Records for the task Start Marker

Lemma minkowski_comm u v : minkowski u v = minkowski v u.
Proof. destruct u as [[u0 u1] u2], v as [[v0 v1] v2]. simpl. ring. Qed.

Lemma minkowski_self u : H2pt u -> minkowski u u = 1.
Proof. destruct u as [[u0 u1] u2]. simpl. lra. Qed.

(* The reverse Cauchy-Schwarz inequality on the upper sheet of the hyperboloid. *)
Lemma minkowski_ge_1 u v : H2pt u -> H2pt v -> 1 <= minkowski u v.
Proof.
  destruct u as [[u0 u1] u2], v as [[v0 v1] v2]. simpl. intros [Hu Hu0] [Hv Hv0].
  set (p := u1 * v1 + u2 * v2).
  assert (Hu1 : 1 <= u0)
    by (pose proof (Rle_0_sqr u1); pose proof (Rle_0_sqr u2); unfold Rsqr in *; nra).
  assert (Hv1 : 1 <= v0)
    by (pose proof (Rle_0_sqr v1); pose proof (Rle_0_sqr v2); unfold Rsqr in *; nra).
  assert (Hcs : p * p <= (u0 * u0 - 1) * (v0 * v0 - 1)).
  { replace ((u0 * u0 - 1) * (v0 * v0 - 1))
      with (p * p + (u1 * v2 - u2 * v1) * (u1 * v2 - u2 * v1))
      by (replace (u0 * u0 - 1) with (u1 * u1 + u2 * u2) by lra;
          replace (v0 * v0 - 1) with (v1 * v1 + v2 * v2) by lra; unfold p; ring).
    pose proof (Rle_0_sqr (u1 * v2 - u2 * v1)). unfold Rsqr in *. lra. }
  assert (Hsq : p * p <= (u0 * v0 - 1) * (u0 * v0 - 1)).
  { pose proof (Rle_0_sqr (u0 - v0)). unfold Rsqr in *. lra. }
  assert (0 <= u0 * v0 - 1) by nra.
  assert (p <= u0 * v0 - 1) by nra.
  unfold p in *. lra.
Qed.

Lemma dH2_mink u v : dH2 u v = acosh (minkowski u v).
Proof. now destruct u as [[u0 u1] u2], v as [[v0 v1] v2]. Qed.

Lemma cosh_dH2 u v : H2pt u -> H2pt v -> cosh (dH2 u v) = minkowski u v.
Proof. intros Hu Hv. rewrite dH2_mink. apply cosh_acosh, minkowski_ge_1; assumption. Qed.

Lemma dH2_cosh u v r : 0 <= r -> minkowski u v = cosh r -> dH2 u v = r.
Proof. intros Hr Huv. rewrite dH2_mink, Huv. now apply acosh_cosh. Qed.

Definition h2_line (t : R) : R * R * R := (cosh t, sinh t, 0).

Lemma H2pt_h2_line t : H2pt (h2_line t).
Proof.
  simpl. pose proof (cosh_sqr_sub_sinh_sqr t). pose proof (cosh_ge_1 t). split; lra.
Qed.

Lemma minkowski_h2_line s t : minkowski (h2_line s) (h2_line t) = cosh (t - s).
Proof. simpl. rewrite cosh_sub. ring. Qed.

Lemma dH2_h2_line s t : s <= t -> dH2 (h2_line s) (h2_line t) = t - s.
Proof. intros Hst. apply dH2_cosh; [lra | apply minkowski_h2_line]. Qed.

Records for the task End Marker

[Action item]
The lines to copy are those above that contain the string "replace".

[Output for this task]
  { replace ((u0 * u0 - 1) * (v0 * v0 - 1))
      by (replace (u0 * u0 - 1) with (u1 * u1 + u2 * u2) by lra;
          replace (v0 * v0 - 1) with (v1 * v1 + v2 * v2) by lra; unfold p; ring).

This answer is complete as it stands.